Problem: Bring together every line in the data that includes "Implicit".

### Information given ###

Lemma pwt_ge W (P : {poly K}) : P != 0 -> (forall i, wt_ge W P`_i i) -> W <= pwt P.
Proof.
move=> P0 WP; apply/bigmin_geP; split => [|i Pi].
  by have := WP (size P).-1; rewrite /wt_ge -lead_coefE lead_coef_eq0 (negPf P0).
by have := WP i; rewrite /wt_ge (negPf Pi).
Qed.

Lemma pwt_attained (P : {poly K}) : P != 0 -> exists2 i, P`_i != 0 & pwt P = cwt P`_i i.
Proof.
move=> P0; rewrite /pwt; elim/big_rec: _ => [|i m Pi [j Pj ->]].
  by exists (size P).-1; rewrite // -lead_coefE lead_coef_eq0.
by rewrite minEle; case: ifP => _; [exists i | exists j].
Qed.

Lemma pwt_dominant_eq W m (P : {poly K}) : wt_dominant W m P -> pwt P = W.
Proof.
move=> domP; have [/andP[Pm /eqP Wm] _] := domP.
apply/le_anti; rewrite -{1}Wm pwt_le //= pwt_ge ?(wt_dominant_neq0 domP) // => i.
exact: wt_dominant_ge domP.
Qed.

Lemma pwt_dominant (P : {poly K}) : P != 0 -> (size P <= e)%N -> exists m, wt_dominant (pwt P) m P.
Proof.
move=> P0 sPe; have [m Pm pwtP] := pwt_attained P0; exists m; split.
  by rewrite /wt_eq Pm pwtP eqxx.
move=> i im; rewrite /wt_ge; have [//|Pi /=] := eqVneq P`_i 0.
rewrite lezD1 lt_neqAle pwt_le // andbT pwtP.
have ltPe j : P`_j != 0 -> (j < e)%N.
  by move/coef_neq0_ltn_size/leq_trans; apply.
by apply: contra im => /eqP/cwt_index_inj ->; rewrite ?ltPe.
Qed.

(** * The extension L = K[X]/(X^e - pi (X + 1)) *)

Variable pi : K.
Hypotheses (e_gt1 : (1 < e)%N) (pi0 : pi != 0) (vpi : v pi = 1).

Lemma wt_ge_piM W c i : wt_ge W (pi * c) i = wt_ge W c (i + e).
Proof.
rewrite /wt_ge /cwt mulf_eq0 (negPf pi0) /=; have [//|c0 /=] := eqVneq c 0.
by rewrite dvalM // vpi PoszD; congr (_ <= _); ring.
Qed.

Lemma wt_eq_piM W c i : wt_eq W (pi * c) i = wt_eq W c (i + e).
Proof.
rewrite /wt_eq /cwt mulf_eq0 (negPf pi0) /=; have [//|c0 /=] := eqVneq c 0.
by rewrite dvalM // vpi PoszD; congr (_ == _); ring.
Qed.

Definition hpol : {poly K} := 'X^e - pi *: ('X + 1).

Lemma size_hpol : size hpol = e.+1.
Proof.
by rewrite size_polyDl ?size_polyXn // size_polyN size_scale // size_XaddC.
Qed.

Lemma monic_hpol : hpol \is monic.
Proof.
by rewrite monicE lead_coefDl ?lead_coefXn // size_polyN size_scale // size_XaddC size_polyXn.
Qed.

Lemma coef_hpol i : hpol`_i = (i == e)%:R - pi * ((i == 1)%:R + (i == 0)%:R).
Proof. by rewrite coefB coefXn coefZ coefD coefX coef1. Qed.

Lemma hpol_not_dominant W m : ~ wt_dominant W m hpol.
Proof.
move=> dom; have e0 : e != 0%N by rewrite -lt0n ltnW.
have cwt_pi i : cwt (- pi) i = e%:Z + i%:Z by rewrite /cwt dvalN // vpi mulr1.
have hpol_ge i : wt_ge e%:Z hpol`_i i.
  rewrite coef_hpol /wt_ge; have [->|ie] := eqVneq i e.
    by rewrite (gtn_eqF e_gt1) (negPf e0) /= addr0 mulr0 subr0 /cwt dval1 // mulr0 add0r lexx orbT.
  case: i ie => [|[|i]] _ /=; rewrite ?addr0 ?add0r ?mulr0 ?mulr1 ?sub0r ?subr0 ?oppr0 ?eqxx //;
    by rewrite oppr_eq0 (negPf pi0) cwt_pi /=; lia.
have hpol0 : wt_eq e%:Z hpol`_0 0.
  rewrite coef_hpol eq_sym (negPf e0) /= !add0r mulr1 /wt_eq oppr_eq0 pi0 cwt_pi /=.
  by apply/eqP; lia.
have hpole : wt_eq e%:Z hpol`_e e.
  rewrite coef_hpol eqxx (gtn_eqF e_gt1) (negPf e0) /= addr0 mulr0 subr0.
  by rewrite /wt_eq oner_neq0 /cwt dval1 // mulr0 add0r eqxx.
have := wt_dominant_index dom hpol0 hpol_ge; have := wt_dominant_index dom hpole hpol_ge.
by move=> <- /eqP; rewrite eq_sym (negPf e0).
Qed.
(* Let $S$ be a numerical semigroup with minimal generators $g_1<\dots<g_\nu$, multiplicity $m=g_1$ and Frobenius number $f$. The following are equivalent: (i) $\mathrm{Ap}(S)$ is $\alpha$-rectangular, i.e. $\mathrm{Ap}(S)=\{\sum_{i=2}^{\nu}\lambda_i g_i : 0\le\lambda_i\le\alpha_i\}$; (ii) the poset $(\mathrm{Ap}(S),\preceq)$ has exactly one maximal element, and this element has a unique representation; (iii) $S$ is symmetric and $\mathrm{Ap}(S)$ is of unique expression; (iv) $f+m=\sum_{i=2}^{\nu}\alpha_i g_i$; (v) $m=\prod_{i=2}^{\nu}(\alpha_i+1)$.
   Context: A numerical semigroup is a submonoid $S$ of $(\mathbb N,+)$ with finite complement in $\mathbb N$; $g_1<\dots<g_\nu$ denotes its minimal system of generators, $m=g_1$ its multiplicity and $f=\max(\mathbb Z\setminus S)$ its Frobenius number. For $s,t\in S$, $s\preceq t$ means $t-s\in S$. The Apéry set is $\mathrm{Ap}(S)=\{s\in S: s-m\notin S\}$. A representation of $s\in S$ is an expression $s=\sum_{i=1}^\nu \lambda_i g_i$ with $\lambda_i\in\mathbb N$. For $i=2,\dots,\nu$, $\alpha_i=\max\{h\in\mathbb N: hg_i\in\mathrm{Ap}(S)\}$. $S$ is symmetric if for every $x\in\mathbb Z$: $x\in S\iff f-x\notin S$. $\mathrm{Ap}(S)$ is of unique expression if every element of $\mathrm{Ap}(S)$ has a unique representation. *)

From Stdlib Require Import ZArith.
From mathcomp Require Import all_boot.
Set Implicit Arguments. Unset Strict Implicit. Unset Printing Implicit Defensive.
(* Let $G$ be a signed digraph with $n$ vertices and without positive cycles, and let $f$ be a Boolean network on $G$ having a fixed point. Then $f$ has a synchronizing word of length $n$.
   Context: A signed digraph on $V$ is $(V,E)$ with $E\subseteq V\times V\times\{-1,1\}$; cycles have no repeated vertices (a loop is a cycle) and their sign is the product of arc signs. A Boolean network (BN) is $f:\{0,1\}^V\to\{0,1\}^V$; its signed interaction digraph has a positive (negative) arc from $j$ to $i$ iff for some $x$ with $x_j=0$, $f_i(x+e_j)-f_i(x)$ is positive (negative). A BN on $G$ is one whose signed interaction digraph is $G$. $f^i(x)$ is $x$ with $x_i$ replaced by $f_i(x)$; $f^{i_1\cdots i_\ell}=f^{i_\ell}\circ\cdots\circ f^{i_1}$; $w$ is synchronizing if $f^w$ is constant. *)

From mathcomp Require Import all_boot.
Set Implicit Arguments. Unset Strict Implicit. Unset Printing Implicit Defensive.

(* Signs: true = positive (+1), false = negative (-1). *)
(* A signed digraph on V is given by its arc set E ⊆ V × V × {-1,1},
   represented as a boolean relation: G j i s  <->  (j,i,s) ∈ E. *)
Definition sdigraph (V : finType) := V -> V -> bool -> bool.

(* Sign of a list of arc signs: their product, i.e. positive iff the
   number of negative signs is even. *)
Definition sign_prod (s : seq bool) : bool := ~~ odd (count negb s).

Definition is_cycle (V : finType) (G : sdigraph V) (c : seq V) (s : seq bool) : Prop :=
  [/\ 0 < size c, uniq c, size s = size c &
      forall (x0 : V) t, t < size c ->
        G (nth x0 c t) (nth x0 c (t.+1 %% size c)) (nth true s t)].

Definition no_positive_cycle (V : finType) (G : sdigraph V) : Prop :=
  forall c s, is_cycle G c s -> sign_prod s = false.

Definition config (V : finType) := {ffun V -> bool}.
Definition BN (V : finType) := config V -> config V.

Definition setc (V : finType) (x : config V) (j : V) (b : bool) : config V :=
  [ffun k => if k == j then b else x k].

Definition interaction (V : finType) (f : BN V) : sdigraph V :=
  fun j i s => [exists x : config V,
    (x j == false) &&
    (if s then (f x i == false) && (f (setc x j true) i == true)
          else (f x i == true) && (f (setc x j true) i == false))].

Definition BN_on (V : finType) (f : BN V) (G : sdigraph V) : Prop :=
  forall j i s, interaction f j i s = G j i s.

Definition fupd (V : finType) (f : BN V) (i : V) (x : config V) : config V :=
  setc x i (f x i).

(* f^{i_1 ... i_l} = f^{i_l} o ... o f^{i_1} *)
Definition fword (V : finType) (f : BN V) (w : seq V) (x : config V) : config V :=
  foldl (fun y i => fupd f i y) x w.

Definition synchronizing (V : finType) (f : BN V) (w : seq V) : Prop :=
  exists c : config V, forall x : config V, fword f w x = c.

Definition has_fixed_point (V : finType) (f : BN V) : Prop :=
  exists x : config V, f x = x.

(* Fix a fixed point x of f and say that a vertex i is determined by a set S
   of vertices if f_i(y) = x_i for every y that agrees with x on S.  If S is
   not all of V, some vertex outside S is determined by S.  Otherwise, every
   i outside S has a counterexample y; moving y back to x one coordinate at a
   time exhibits an arc j -> i with j outside S whose sign is + exactly when
   x_j = x_i.  Following such arcs backwards closes a cycle, and the product
   of the agreements x_j = x_i around a cycle telescopes to +, contradicting
   the absence of positive cycles.  Updating determined vertices one after
   another therefore yields a word of length n after which every
   configuration equals x. *)

From mathcomp Require Import all_boot.

Set Implicit Arguments.
Unset Strict Implicit.
Unset Printing Implicit Defensive.

Lemma sign_prod_pairmap_eq (T : Type) (g : T -> bool) (a : T) (l : seq T) :
  sign_prod (pairmap (fun u v => g u == g v) a l) = (g a == g (last a l)).
Proof.
rewrite /sign_prod; elim: l a => [|b l IHl] a //=; rewrite ?eqxx //.
rewrite oddD oddb; have := IHl b.
by case: (g a); case: (g b); case: (g (last b l)); case: odd.
Qed.

Lemma nth_rcons_rot (T : Type) (x0 a : T) (l : seq T) t : t <= size l ->
  nth x0 (rcons l a) t = nth x0 (a :: l) (t.+1 %% (size l).+1).
Proof.
rewrite leq_eqVlt nth_rcons => /predU1P[->|lt_t]; first by rewrite ltnn eqxx modnn.
by rewrite lt_t modn_small.
Qed.

Lemma consistent_cycle_positive (V : finType) (G : sdigraph V) (g : V -> bool) c :
  0 < size c -> uniq c -> cycle (fun j i => G j i (g j == g i)) c ->
  exists s, is_cycle G c s /\ sign_prod s.
Proof.
case: c => [//|a l] _ uniq_c arcs.
pose s := pairmap (fun u v => g u == g v) a (rcons l a).
exists s; split; last by rewrite sign_prod_pairmap_eq last_rcons.
split=> //; first by rewrite size_pairmap size_rcons.
move=> x0 t lt_t; have := pathP x0 arcs t; rewrite size_rcons => /(_ lt_t).
by rewrite (nth_pairmap x0) ?size_rcons // nth_rcons_rot // -rcons_cons nth_rcons lt_t.
Qed.

Lemma exists_iter_fcycle (T : finType) (p : T -> T) (x : T) :
  exists m, fcycle p (orbit p (iter m p x)).
Proof.
have /trajectP[m lt_m_order iter_order_m] := looping_order p x.
exists m; apply/(orbitPcycle 0 3); exists (order p x - m).-1.
by rewrite prednK ?subn_gt0 // -iterD subnK ?(ltnW lt_m_order).
Qed.

Lemma exists_cycle (T : finType) (R : rel T) (U : pred T) (i0 : T) :
  i0 \in U -> (forall i, i \in U -> exists2 j, j \in U & R j i) ->
  exists c, [/\ 0 < size c, uniq c & cycle R c].
Proof.
move=> U_i0 predU.
pose p i := odflt i0 [pick j in U | R j i].
have p_in_U i : p i \in U by rewrite /p; case: pickP => // j /andP[].
have p_pred i : i \in U -> R (p i) i.
  move=> /predU[j U_j R_ji]; rewrite /p; case: pickP => [k /andP[] //|none].
  by have := none j; rewrite /= U_j R_ji.
have iter_in_U k : iter k p i0 \in U by case: k => [|k] //=; apply: p_in_U.
have [m p_cycle] := exists_iter_fcycle p i0.
exists (rev (orbit p (iter m p i0))).
rewrite size_rev size_orbit order_gt0 rev_uniq orbit_uniq rev_cycle; split=> //.
apply: (sub_in_cycle (P := U)) p_cycle; last first.
  by apply/allP=> _ /trajectP[k _ ->]; rewrite -iterD; apply: iter_in_U.
by move=> u v U_u _ /eqP <-; apply: p_pred.
Qed.

Section BooleanNetwork.

Variables (V : finType) (f : BN V).

Lemma setcE (x : config V) j b k : setc x j b k = if k == j then b else x k.
Proof. by rewrite ffunE. Qed.

Lemma setc_id (x : config V) j : setc x j (x j) = x.
Proof. by apply/ffunP=> k; rewrite setcE; case: eqP => [->|]. Qed.

Lemma setc_setc (x : config V) j b c : setc (setc x j b) j c = setc x j c.
Proof. by apply/ffunP=> k; rewrite !setcE; case: eqP. Qed.

Lemma interaction_flip (x : config V) j i :
  f (setc x j (~~ x j)) i != f x i -> interaction f j i (x j == f x i).
Proof.
move=> flip_changes_fi; apply/existsP; case x_j: (x j) in flip_changes_fi *.
- exists (setc x j false).
  have -> : setc (setc x j false) j true = x by rewrite setc_setc -x_j setc_id.
  rewrite setcE eqxx /=; move: flip_changes_fi.
  by case: (f x i); case: (f (setc x j false) i).
- exists x; rewrite x_j /=; move: flip_changes_fi.
  by case: (f x i); case: (f (setc x j true) i).
Qed.

Lemma exists_interaction_between (x y : config V) i : f y i != f x i ->
  exists2 j, x j != y j & interaction f j i (x j == f x i).
Proof.
have [n] := ubnP #|[set j | x j != y j]|; elim: n y => // n IHn y lt_diff_n fy_fx.
have [j0 /= diff_j0 | same] := pickP [pred j | x j != y j]; last first.
  have y_x : y = x by apply/ffunP=> k; apply/esym/eqP/negbFE/same.
  by rewrite y_x eqxx in fy_fx.
pose y' := setc y j0 (x j0).
have diff_y' : [set j | x j != y' j] = [set j | x j != y j] :\ j0.
  by apply/setP=> k; rewrite !inE setcE; case: (k =P j0) => [->|]; rewrite ?eqxx.
have [fy'_fx | /negbNE/eqP fy'_fx] := boolP (f y' i != f x i).
  have lt_diff'_n : #|[set j | x j != y' j]| < n.
    by move: lt_diff_n; rewrite (cardsD1 j0) inE diff_j0 diff_y' add1n ltnS.
  have [j diff_j arc_ji] := IHn y' lt_diff'_n fy'_fx.
  by exists j; move: diff_j; rewrite setcE; case: (j =P j0) => [->|]; rewrite ?eqxx.
have y_flip : y = setc y' j0 (~~ y' j0).
  rewrite setc_setc setcE eqxx (_ : ~~ x j0 = y j0) ?setc_id //.
  by move: diff_j0 => /=; case: (x j0); case: (y j0).
exists j0 => //; have := @interaction_flip y' j0 i.
by rewrite -y_flip fy'_fx setcE eqxx => /(_ fy_fx).
Qed.

Definition determined_by (x : config V) (S : {set V}) (i : V) : bool :=
  [forall y : config V, [forall j in S, y j == x j] ==> (f y i == x i)].

Definition forces (w : seq V) (x : config V) : Prop :=
  forall y j, j \in w -> fword f w y j = x j.

Lemma forces_rcons (x : config V) w i :
  forces w x -> determined_by x [set j in w] i -> forces (rcons w i) x.
Proof.
move=> w_forces /forallP i_det y j.
rewrite mem_rcons inE /fword foldl_rcons -/(fword f w y) /fupd setcE.
case: (j =P i) => [-> _ | _ /= j_w]; last exact: w_forces.
apply/eqP/(implyP (i_det _)); apply/forall_inP=> k.
by rewrite inE => /w_forces ->.
Qed.

Section ForcingWord.

Variable G : sdigraph V.
Hypotheses (no_pos : no_positive_cycle G) (f_on_G : BN_on f G).
Variable x : config V.
Hypothesis x_fixed : f x = x.

Lemma undetermined_predecessor (S : {set V}) i :
  ~~ determined_by x S i -> exists2 j, j \notin S & G j i (x j == x i).
Proof.
case/forallPn=> y; rewrite negb_imply => /andP[/forall_inP y_agrees fy_x].
have [j diff_j arc_ji] : exists2 j, x j != y j & interaction f j i (x j == f x i).
  by apply: exists_interaction_between; rewrite x_fixed.
exists j; first by apply: contra diff_j => /y_agrees/eqP ->.
by rewrite -f_on_G; move: arc_ji; rewrite x_fixed.
Qed.

Lemma exists_determined (S : {set V}) i0 :
  i0 \notin S -> exists2 i, i \notin S & determined_by x S i.
Proof.
move=> S'i0.
have [i /andP[S'i i_det] | none] := pickP [pred i | (i \notin S) && determined_by x S i].
  by exists i.
have [c [c_gt0 uniq_c arcs]] :
    exists c, [/\ 0 < size c, uniq c & cycle (fun j i => G j i (x j == x i)) c].
  apply: (@exists_cycle _ _ [predC S] i0); first by rewrite inE.
  move=> i; rewrite inE => S'i; apply: undetermined_predecessor.
  by have := none i; rewrite /= S'i => /negbT.
have [s [s_cycle s_pos]] := consistent_cycle_positive c_gt0 uniq_c arcs.
by rewrite (no_pos s_cycle) in s_pos.
Qed.

Lemma exists_forcing_word k :
  k <= #|V| -> exists w, [/\ size w = k, uniq w & forces w x].
Proof.
elim: k => [|k IHk] lt_k_V; first by exists [::].
have [w [size_w uniq_w w_forces]] := IHk (ltnW lt_k_V).
have /card_gt0P[i0 w'i0] : 0 < #|[predC w]|.
  have card_w : #|w| + #|[predC w]| = #|V| := cardC _.
  by move: lt_k_V; rewrite -card_w (card_uniqP uniq_w) size_w -{1}(addn0 k) ltn_add2l.
have [i w'i i_det] : exists2 i, i \notin [set j in w] & determined_by x [set j in w] i.
  by apply: (@exists_determined _ i0); rewrite inE.
exists (rcons w i); split; first by rewrite size_rcons size_w.
  by rewrite rcons_uniq uniq_w andbT; rewrite inE in w'i.
exact: forces_rcons.
Qed.

End ForcingWord.

End BooleanNetwork.

Theorem proposition9 (V : finType) (G : sdigraph V) (f : BN V) :
  no_positive_cycle G -> BN_on f G -> has_fixed_point f ->
  exists w : seq V, size w = #|V| /\ synchronizing f w.
Proof.
move=> no_pos f_on_G [x x_fixed].
have [w [size_w uniq_w w_forces]] := exists_forcing_word no_pos f_on_G x_fixed (leqnn #|V|).
have w_full : w =i V.
  by apply/subset_cardP; rewrite ?(card_uniqP uniq_w) ?size_w ?subset_predT.
by exists w; split=> //; exists x => y; apply/ffunP=> j; apply: w_forces; rewrite w_full.
Qed.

###

Task result:
Set Implicit Arguments. Unset Strict Implicit. Unset Printing Implicit Defensive.
Set Implicit Arguments. Unset Strict Implicit. Unset Printing Implicit Defensive.
Set Implicit Arguments.
Unset Strict Implicit.
Unset Printing Implicit Defensive.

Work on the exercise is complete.